The 1986 FCA amendments, co-sponsored by Republican Senator Charles Grassley from Iowa and Democratic Representative Howard Berman from California, established the following changes:

  • Allowed qui tam suits to be brought even if the government had the information in its possession.
  • Lowered the bar when it came to proof standards. However, defendants who showed “reckless disregard” for the truth would bring liability upon themselves for their actions.
  • Boosted the amounts of penalties and damages that could be recouped. Those committing fraud would pay between $5,000 and $10,000 for each violation. (In August 2016, a new rule nearly doubled these amounts.) Also, damage amounts could be tripled.
  • Increased the award whistleblowers could receive to between 15 and 30 percent of the amount recovered. Payment of the regular hourly fees of the defendant’s attorneys was also guaranteed.
  • Stipulated protections for whistleblowers who experienced retaliation.
  • Increased the statute of limitations to up to ten years.

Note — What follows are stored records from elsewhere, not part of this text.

(* Write F(t) = P(v' < t) and H(t) = E[v'; v' < t], so that beta_L = H/F on
   (max(L, vl), +oo).  As beta_L is nondecreasing, a bid b >= L beats exactly
   the types of Alice in the down-set {t | beta_L(t) <= b}, and Bob earns
   (v - b) times its mass.  For t >= vl in that set H(t)/F(t) <= b, hence
   (v - b) F(t) <= S_v(t) := v F(t) - H(t) = E[v - v'; v' < t],
   and on [vl, +oo) the surplus S_v is maximal at w = max(v, vl), because its
   increments are integrals of (v - x) f(x).  The bid beta_L(v) = H(w)/F(w)
   beats every type below w and so earns at least S_v(w), which bounds every
   other bid. *)

From mathcomp Require Import all_boot all_order all_algebra.
From mathcomp Require Import all_classical all_reals all_analysis.
From mathcomp Require Import measurable_realfun lra.
Import Order.TTheory GRing.Theory Num.Theory.
Local Open Scope classical_set_scope.
Local Open Scope ring_scope.
Set Implicit Arguments. Unset Strict Implicit. Unset Printing Implicit Defensive.

Section RealIntegrals.
Context {R : realType}.
Local Notation mu := (@lebesgue_measure R).

Lemma set_itvNyo_setU (t t' : R) :
  t <= t' -> `]-oo, t'[%classic = `]-oo, t[ `|` `[t, t'[ :> set R.
Proof. by move=> tt'; apply: itv_bndbnd_setU; rewrite bnd_simp. Qed.

Lemma Rintegral_itvNyoB (g : R -> R) (t t' : R) :
  t <= t' -> mu.-integrable setT (EFin \o g) ->
  \int[mu]_(x in `]-oo, t'[) g x - \int[mu]_(x in `]-oo, t[) g x =
  \int[mu]_(x in `[t, t'[) g x.
Proof.
move=> tt' ig; rewrite (set_itvNyo_setU tt') Rintegral_setU //.
- by rewrite addrAC subrr add0r.
- by rewrite -(set_itvNyo_setU tt'); exact: integrableS ig.
- apply/disj_setPS => x [/=]; rewrite !in_itv /= => xt /andP[tx _].
  by move: (lt_le_trans xt tx); rewrite ltxx.
Qed.

Lemma Rintegral_mul_null D (f g : R -> R) :
  measurable D -> (forall x, 0 <= f x) -> mu.-integrable D (EFin \o f) ->
  mu.-integrable D (EFin \o (fun x => g x * f x)) ->
  \int[mu]_(x in D) f x = 0 -> \int[mu]_(x in D) (g x * f x) = 0.
Proof.
move=> mD f_ge0 f_int gf_int f_null.
have abs_f_null : (\int[mu]_(x in D) `|(f x)%:E| = 0)%E.
  under eq_integral do rewrite gee0_abs ?lee_fin//.
  have f_fin := integrable_fin_num mD f_int.
  by rewrite -[LHS]fineK //; move: f_null; rewrite /Rintegral => ->.
have /(ae_eq_integral_abs mu mD (measurable_int mu f_int)) f_ae0 := abs_f_null.
rewrite /Rintegral (@ae_eq_integral _ _ _ mu _ (cst 0%E)) ?integral0//.
- exact: measurable_int gf_int.
- by apply: filterS f_ae0 => x /= fx0 Dx; rewrite EFinM fx0 ?mule0.
Qed.

Lemma density_integrable (f : R -> R) : measurable_fun setT f ->
  (forall x, 0 <= f x) -> prob f setT = 1%E ->
  (@lebesgue_measure R).-integrable setT (EFin \o f).
Proof.
move=> mf f_ge0 f_prob1; apply/integrableP; split; first exact/measurable_EFinP.
under eq_integral do rewrite /= ger0_norm//.
by move: f_prob1; rewrite /prob => ->; rewrite ltry.
Qed.

End RealIntegrals.

Section Density.
Context {R : realType} (f : R -> R).
Local Notation mu := (@lebesgue_measure R).
Hypotheses (f_ge0 : forall x, 0 <= f x) (f_int : mu.-integrable setT (EFin \o f)).
Hypothesis xf_int : finite_mean f.
Hypothesis f_null_neg : prob f `]-oo, 0[ = 0%E.
Hypothesis f_pos : forall a b, a < b -> 0 < b -> (0 < prob f `]a, b[)%E.

Let f_intS D : measurable D -> mu.-integrable D (EFin \o f).
Proof. by move=> mD; apply: integrableS f_int. Qed.

Let xf_intS D : measurable D -> mu.-integrable D (EFin \o (fun x => x * f x)).
Proof. by move=> mD; apply: integrableS xf_int. Qed.

Let f_fin D : measurable D -> (\int[mu]_(x in D) (f x)%:E)%E \is a fin_num.
Proof. by move=> mD; have := f_intS mD; apply: integrable_fin_num. Qed.

Definition cdf t := \int[mu]_(x in `]-oo, t[) f x.

Definition partial_mean t := \int[mu]_(x in `]-oo, t[) (x * f x).

Lemma condmeanE t : condmean f t = partial_mean t / cdf t.
Proof. by []. Qed.

Lemma le_Rintegral_subset A B : measurable A -> measurable B -> A `<=` B ->
  \int[mu]_(x in A) f x <= \int[mu]_(x in B) f x.
Proof.
move=> mA mB AB; apply: fine_le; rewrite ?f_fin//.
apply: ge0_subset_integral => //=; last by move=> x _; rewrite lee_fin.
exact: measurable_int (f_intS mB).
Qed.

Lemma cdf_ge0 t : 0 <= cdf t.
Proof. exact: Rintegral_ge0. Qed.

Lemma le_cdf : {homo cdf : s t / s <= t}.
Proof.
move=> s t st; rewrite -subr_ge0 /cdf Rintegral_itvNyoB//.
exact: Rintegral_ge0.
Qed.

Lemma cdf_gt0 t : 0 < t -> 0 < cdf t.
Proof.
move=> t0; apply: (@lt_le_trans _ _ (\int[mu]_(x in `]-1, t[) f x)).
  rewrite /Rintegral fine_gt0// f_pos ?ltey_eq ?f_fin//.
  by rewrite (lt_trans _ t0)// ltrN10.
by apply: le_Rintegral_subset => // x /=; rewrite !in_itv /= => /andP[].
Qed.

Lemma cdf_le0 t : t <= 0 -> cdf t = 0.
Proof.
move=> t0; apply/eqP; rewrite eq_le cdf_ge0 andbT.
apply: (@le_trans _ _ (\int[mu]_(x in `]-oo, 0[) f x)).
  by apply: le_Rintegral_subset => // x /=; rewrite !in_itv /= => /lt_le_trans; apply.
by rewrite /Rintegral; move: f_null_neg; rewrite /prob => ->.
Qed.

Lemma partial_mean_le0 t : t <= 0 -> partial_mean t = 0.
Proof.
by move=> t0; apply: Rintegral_mul_null => //; [exact: f_intS|exact: xf_intS|exact: cdf_le0].
Qed.

Lemma partial_mean_ge0 t : 0 <= partial_mean t.
Proof.
have [t0|t0] := leP t 0; first by rewrite partial_mean_le0.
rewrite -(partial_mean_le0 (lexx 0)) -subr_ge0 /partial_mean (Rintegral_itvNyoB (ltW t0))//.
by apply: Rintegral_ge0 => x; rewrite /= in_itv /= => /andP[x0 _]; exact: mulr_ge0.
Qed.

Lemma partial_mean_le t : partial_mean t <= t * cdf t.
Proof.
rewrite /partial_mean /cdf -RintegralZl ?f_intS//.
apply: le_Rintegral => //; [exact: xf_intS|exact: integrableZl (f_intS _)|].
by move=> x; rewrite /= in_itv /= => /ltW xt; exact: ler_wpM2r.
Qed.

Lemma partial_meanB_le s t c : s <= t -> (forall x, s <= x < t -> x <= c) ->
  partial_mean t - partial_mean s <= c * (cdf t - cdf s).
Proof.
move=> st xc; rewrite /partial_mean /cdf !Rintegral_itvNyoB// -RintegralZl ?f_intS//.
apply: le_Rintegral => //; [exact: xf_intS|exact: integrableZl (f_intS _)|].
by move=> x; rewrite /= in_itv /= => /xc; exact: ler_wpM2r.
Qed.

Because of these modifications, the number of qui tam suits brought under the FCA surged.

More Recent FCA Alterations

The Act was changed again as a result of the 2008 financial crisis. The Fraud Enforcement and Recovery Act (FERA) of 2009 included the following alterations:

  • Remedied parts of the 1986 amendments that led to misinterpretations by the courts with regard to the intended reach of the amendments, thus enlarging liability provisions to cover certain situations.
  • Enabled the government to expand the usage of civil discovery devices and civil investigative demands so as to reveal relevant facts. Doing these things is preliminary to the government’s determining whether to intervene in a qui tam suit, or whether to bring their own suit under the FCA.
  • Brought the FCA up to date regarding changes that had happened since 1986 concerning how the government conducted its business.

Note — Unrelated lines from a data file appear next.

(* Let $h>0$, $n\in\mathbb{N}$, and let $\lambda:\mathbb{T}\to\mathbb{R}$ be an $n$-cycle with values $\lambda_0,\dots,\lambda_{n-1}\in\mathbb{R}\setminus\{\pm\tfrac1h\}$, such that $0<|e_{\lambda}(nh)|\neq1$ and $0<|e_{-\lambda}(nh)|\neq1$. Let $f:\mathbb{T}\to\mathbb{R}$ be arbitrary. Then the non-homogeneous equation $$\Delta_h^2 y(t)+\bigl[\Delta_h\lambda(t)-\lambda(t)\lambda(t+h)\bigr]y(t)=f(t),\qquad t\in\mathbb{T},$$ has Hyers–Ulam stability on $\mathbb{T}$ with Hyers–Ulam stability constant $L=K_0(\lambda)K_0(-\lambda)$.
   Context: Fix $h>0$ and let $\mathbb{T}=\{0,h,2h,3h,\dots\}$. For $x:\mathbb{T}\to\mathbb{R}$, $\Delta_h x(t)=\frac{x(t+h)-x(t)}{h}$ and $\Delta_h^2x=\Delta_h(\Delta_h x)$, $\Delta_h^3x=\Delta_h(\Delta_h^2 x)$. An $n$-cycle is a function $\mu:\mathbb{T}\to\mathbb{R}$ with $\mu(t)=\mu_k$ whenever $t/h\equiv k\pmod n$, $k\in\{0,\dots,n-1\}$, which has period $n$ and no smaller period. For such $\mu$ define the discrete exponential $e_\mu(t)=\prod_{k=0}^{t/h-1}(1+h\mu(kh))$ (empty product $=1$), so $e_\mu(nh)=\prod_{k=0}^{n-1}(1+h\mu_k)$. For $k\in\{0,\dots,n-1\}$ define $$S_k(\mu)=\sum_{j=1}^{n}\prod_{i=0}^{j-1}\frac{1}{|1+h\mu_{(k+i)\bmod n}|},$$ (e.g. $S_0(\mu)=\frac{1}{|1+h\mu_0|}+\frac{1}{|1+h\mu_0||1+h\mu_1|}+\dots+\frac{1}{|1+h\mu_0|\cdots|1+h\mu_{n-1}|}$), and, when $0<|e_\mu(nh)|\neq1$, $$K_0(\mu)=\frac{h|e_\mu(nh)|}{\bigl|1-|e_\mu(nh)|\bigr|}\max\{S_0(\mu),\dots,S_{n-1}(\mu)\}.$$ Here $-\lambda$ denotes the $n$-cycle with values $-\lambda_0,\dots,-\lambda_{n-1}$. Hyers–Ulam stability: an equation $\mathcal{L}[y](t)=f(t)$, $t\in\mathbb{T}$ (with $\mathcal{L}$ a linear difference operator) has Hyers–Ulam stability on $\mathbb{T}$ with Hyers–Ulam stability constant $K>0$ if for every $\varepsilon>0$ and every $\xi:\mathbb{T}\to\mathbb{R}$ with $|\mathcal{L}[\xi](t)-f(t)|\le\varepsilon$ for all $t\in\mathbb{T}$, there is a solution $y:\mathbb{T}\to\mathbb{R}$ of the equation with $|\xi(t)-y(t)|\le K\varepsilon$ for all $t\in\mathbb{T}$. The minimum Hyers–Ulam stability constant is the smallest such $K$. *)

From Stdlib Require Import Reals Lra Lia List.
Open Scope R_scope.

(* The time scale T = {0, h, 2h, ...} is indexed by k : nat, t = k*h.
   A function x : T -> R is represented as x : nat -> R with x k = x(kh). *)

Definition dlt (h : R) (x : nat -> R) : nat -> R :=
  fun k => (x (S k) - x k) / h.

Definition is_ncycle (n : nat) (mu : nat -> R) : Prop :=
  (0 < n)%nat /\
  (forall k, mu k = mu (k mod n)%nat) /\
  (forall m, (0 < m < n)%nat -> ~ (forall k, mu (k + m)%nat = mu k)).

Definition negc (mu : nat -> R) : nat -> R := fun k => - mu k.

(* e_μ(t) = prod_{k=0}^{t/h - 1} (1 + h μ(kh)), evaluated at t = m h *)
Fixpoint dexp (h : R) (mu : nat -> R) (m : nat) : R :=
  match m with
  | O => 1
  | S m' => dexp h mu m' * (1 + h * mu m')
  end.

Fixpoint Sprod (h : R) (n : nat) (mu : nat -> R) (k j : nat) : R :=
  match j with
  | O => 1
  | S j' => Sprod h n mu k j' * / Rabs (1 + h * mu ((k + j') mod n)%nat)
  end.

Definition Sk (h : R) (n : nat) (mu : nat -> R) (k : nat) : R :=
  fold_right Rplus 0 (map (fun j => Sprod h n mu k (S j)) (seq 0 n)).

Definition maxS (h : R) (n : nat) (mu : nat -> R) : R :=
  fold_right Rmax (Sk h n mu 0) (map (Sk h n mu) (seq 0 n)).

Definition K0 (h : R) (n : nat) (mu : nat -> R) : R :=
  h * Rabs (dexp h mu n) / Rabs (1 - Rabs (dexp h mu n)) * maxS h n mu.

Definition HU_stable (Lop : (nat -> R) -> nat -> R) (f : nat -> R) (K : R) : Prop :=
  0 < K /\
  forall eps : R, 0 < eps ->
  forall xi : nat -> R,
    (forall k, Rabs (Lop xi k - f k) <= eps) ->
    exists y : nat -> R,
      (forall k, Lop y k = f k) /\
      (forall k, Rabs (xi k - y k) <= K * eps).

Definition Lop2 (h : R) (lam : nat -> R) (y : nat -> R) : nat -> R :=
  fun k => dlt h (dlt h y) k + (dlt h lam k - lam k * lam (S k)) * y k.

(* The operator factors as  Lop2 y = (Δ - λ^σ)(Δ + λ) y  with λ^σ(t) = λ(t+h),
   so the theorem reduces to the first-order equation  Δz = μ z + g  for an
   n-periodic μ with 1 + hμ ≠ 0, applied first with μ = λ^σ and then with
   μ = -λ.  For the first-order equation, the defect w = ξ - z of an
   ε-approximate solution ξ solves  w(k+1) = (1 + hμ_k) w(k) + r_k  with
   |r_k| ≤ hε.  Writing p = |e_μ(nh)| and V_k = p S_k(μ) / |1 - p|, the
   cyclic sums satisfy  |1 + hμ_k| S_k = 1 + S_{k+1} - 1/p, hence
   |1 + hμ_k| V_k + 1 = V_{k+1} if p < 1 and |1 + hμ_k| V_k = 1 + V_{k+1}
   if p > 1.  In the first case the recurrence started at w(0) = 0 stays
   below hε V_k; in the second the backward series solution does.  Since
   S_k ≤ max S, this gives the constant K_0(μ), and composing the two
   first-order steps gives K_0(λ) K_0(-λ). *)

From Stdlib Require Import Reals Lra Lia List.
From Coquelicot Require Import Coquelicot.
Open Scope R_scope.

Definition sumL (F : nat -> R) (n : nat) : R := fold_right Rplus 0 (map F (seq 0 n)).

Lemma sumL_S_front (F : nat -> R) (n : nat) : sumL F (S n) = F O + sumL (fun j => F (S j)) n.
Proof. unfold sumL; simpl. rewrite <- seq_shift, map_map. reflexivity. Qed.

Lemma sumL_S_back (F : nat -> R) (n : nat) : sumL F (S n) = sumL F n + F n.
Proof.
  revert F; induction n as [|n IH]; intro F.
  - unfold sumL; simpl; ring.
  - rewrite (sumL_S_front F (S n)), IH, (sumL_S_front F n). ring.
Qed.

Lemma sumL_ext (F G : nat -> R) (n : nat) : (forall j, F j = G j) -> sumL F n = sumL G n.
Proof. intro H. unfold sumL. f_equal. apply map_ext. exact H. Qed.

Lemma sumL_scal (c : R) (F : nat -> R) (n : nat) : sumL (fun j => c * F j) n = c * sumL F n.
Proof. induction n as [|n IH]; [unfold sumL; simpl; ring|]. rewrite !sumL_S_back, IH. ring. Qed.

Lemma sumL_nonneg (F : nat -> R) (n : nat) : (forall j, 0 <= F j) -> 0 <= sumL F n.
Proof. intro H. induction n as [|n IH]; [unfold sumL; simpl; lra|]. rewrite sumL_S_back. specialize (H n). lra. Qed.

Definition mod_periodic (n : nat) (mu : nat -> R) : Prop := forall k, mu k = mu (k mod n)%nat.

Lemma mod_periodic_add (n : nat) (mu : nat -> R) :
  (0 < n)%nat -> mod_periodic n mu -> forall k, mu (k + n)%nat = mu k.
Proof.
  intros Hn Hm k. rewrite (Hm (k + n)%nat), (Hm k). f_equal.
  replace (k + n)%nat with (k + 1 * n)%nat by lia. apply Nat.Div0.mod_add.
Qed.

Lemma mod_periodic_shift (n : nat) (mu : nat -> R) :
  mod_periodic n mu -> mod_periodic n (fun i => mu (S i)).
Proof.
  intros Hm k. rewrite (Hm (S k)), (Hm (S (k mod n))). f_equal.
  replace (S k) with (1 + k)%nat by lia. replace (S (k mod n)) with (1 + k mod n)%nat by lia.
  symmetry. apply Nat.Div0.add_mod_idemp_r.
Qed.

Lemma mod_periodic_negc (n : nat) (mu : nat -> R) : mod_periodic n mu -> mod_periodic n (negc mu).
Proof. intros Hm k. unfold negc. rewrite <- Hm. reflexivity. Qed.

Definition factor (h : R) (mu : nat -> R) (i : nat) : R := Rabs (1 + h * mu i).

(* absprod h μ k j = |1 + hμ_k| ⋯ |1 + hμ_{k+j-1}|, so that |e_μ(mh)| = absprod h μ 0 m
   and the terms of S_k(μ) are the reciprocals 1 / absprod h μ k j. *)
Fixpoint absprod (h : R) (mu : nat -> R) (k j : nat) : R :=
  match j with
  | O => 1
  | S j' => absprod h mu k j' * factor h mu (k + j')
  end.

Lemma dexp_abs (h : R) (mu : nat -> R) (m : nat) : Rabs (dexp h mu m) = absprod h mu 0 m.
Proof. induction m as [|m IH]; simpl; [apply Rabs_R1|]. rewrite Rabs_mult, IH. reflexivity. Qed.

Lemma absprod_shift_fun (h : R) (mu : nat -> R) (k j : nat) :
  absprod h (fun i => mu (S i)) k j = absprod h mu (S k) j.
Proof. induction j as [|j IH]; simpl; [reflexivity|]. rewrite IH. reflexivity. Qed.

Lemma absprod_front (h : R) (mu : nat -> R) (k j : nat) :
  absprod h mu k (S j) = factor h mu k * absprod h mu (S k) j.
Proof.
  induction j as [|j IH]; [simpl; rewrite Nat.add_0_r; ring|].
  change (absprod h mu k (S (S j))) with (absprod h mu k (S j) * factor h mu (k + S j)).
  rewrite IH. simpl. rewrite Nat.add_succ_r. ring.
Qed.

Section Products.
Variables (h : R) (mu : nat -> R).
Hypothesis factor_nz : forall i, 1 + h * mu i <> 0.

Lemma factor_pos (i : nat) : 0 < factor h mu i.
Proof. apply Rabs_pos_lt, factor_nz. Qed.

Lemma absprod_pos (k j : nat) : 0 < absprod h mu k j.
Proof.
  induction j as [|j IH]; simpl; [lra|].
  apply Rmult_lt_0_compat; [exact IH | apply factor_pos].
Qed.

Variable n : nat.
Hypothesis n_pos : (0 < n)%nat.
Hypothesis mu_mod : mod_periodic n mu.

Lemma absprod_period (k : nat) : absprod h mu k n = absprod h mu 0 n.
Proof.
  induction k as [|k IH]; [reflexivity|]. rewrite <- IH.
  assert (Hfront := absprod_front h mu k n).
  change (absprod h mu k (S n)) with (absprod h mu k n * factor h mu (k + n)) in Hfront.
  unfold factor at 1 in Hfront. rewrite (mod_periodic_add n mu n_pos mu_mod) in Hfront.
  fold (factor h mu k) in Hfront. pose proof (factor_pos k).
  apply (Rmult_eq_reg_l (factor h mu k)); lra.
Qed.

Lemma Sk_absprod (k : nat) : Sk h n mu k = sumL (fun j => / absprod h mu k (S j)) n.
Proof.
  apply sumL_ext. intro j. generalize (S j); clear j. intro j.
  induction j as [|j IH]; simpl; [now rewrite Rinv_1|].
  rewrite IH, Rinv_mult, <- mu_mod. reflexivity.
Qed.

Lemma Sk_recursion (k : nat) :
  factor h mu k * Sk h n mu k = 1 + Sk h n mu (S k) - / absprod h mu 0 n.
Proof.
  rewrite !Sk_absprod, <- sumL_scal, <- (absprod_period (S k)).
  rewrite (sumL_ext _ (fun j => / absprod h mu (S k) j)).
  2: { intro j. rewrite absprod_front, Rinv_mult, <- Rmult_assoc, Rinv_r, Rmult_1_l; [reflexivity|].
    apply Rgt_not_eq, factor_pos. }
  destruct n as [|m]; [lia|].
  rewrite sumL_S_front, (sumL_S_back (fun j => / absprod h mu (S k) (S j))).
  simpl (absprod h mu (S k) 0). rewrite Rinv_1. ring.
Qed.

Lemma Sk_pos (k : nat) : 0 < Sk h n mu k.
Proof.
  rewrite Sk_absprod. destruct n as [|m]; [lia|]. rewrite sumL_S_back.
  assert (0 <= sumL (fun j => / absprod h mu k (S j)) m).
  { apply sumL_nonneg. intro j. apply Rlt_le, Rinv_0_lt_compat, absprod_pos. }
  pose proof (Rinv_0_lt_compat _ (absprod_pos k (S m))). lra.
Qed.

End Products.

Most new provisions went into effect as of FERA’s enactment date, and were also retroactive, meaning they were applied to all pending cases.

More amendments were added in 2010 because of the Patient Protection and Affordable Care Act (PPACA), making it easier for whistleblowers to bring cases by broadening the concept of “original source,” and by restricting the definition of “public disclosure.” The 2010 changes are applicable across all FCA suits, not just those related to health insurance or health care. But these amendments, unlike 2009’s FERA, were not made retroactive and did not apply to any cases that were pending when the amendments became law.

As of the end of fiscal year 2015, for the fourth year in a row, the Department of Justice (DOJ) gained more than $3.5 billion in judgments and settlements involving false claims and fraud. Whistleblowers were awarded $597 million of that amount during FY 2015. Total false claims and fraud recoveries since January, 2009, by the DOJ have amounted to $26.4 billion, with $3 billion going to whistleblowers. Fighting fraud perpetrated against the government helps all of us.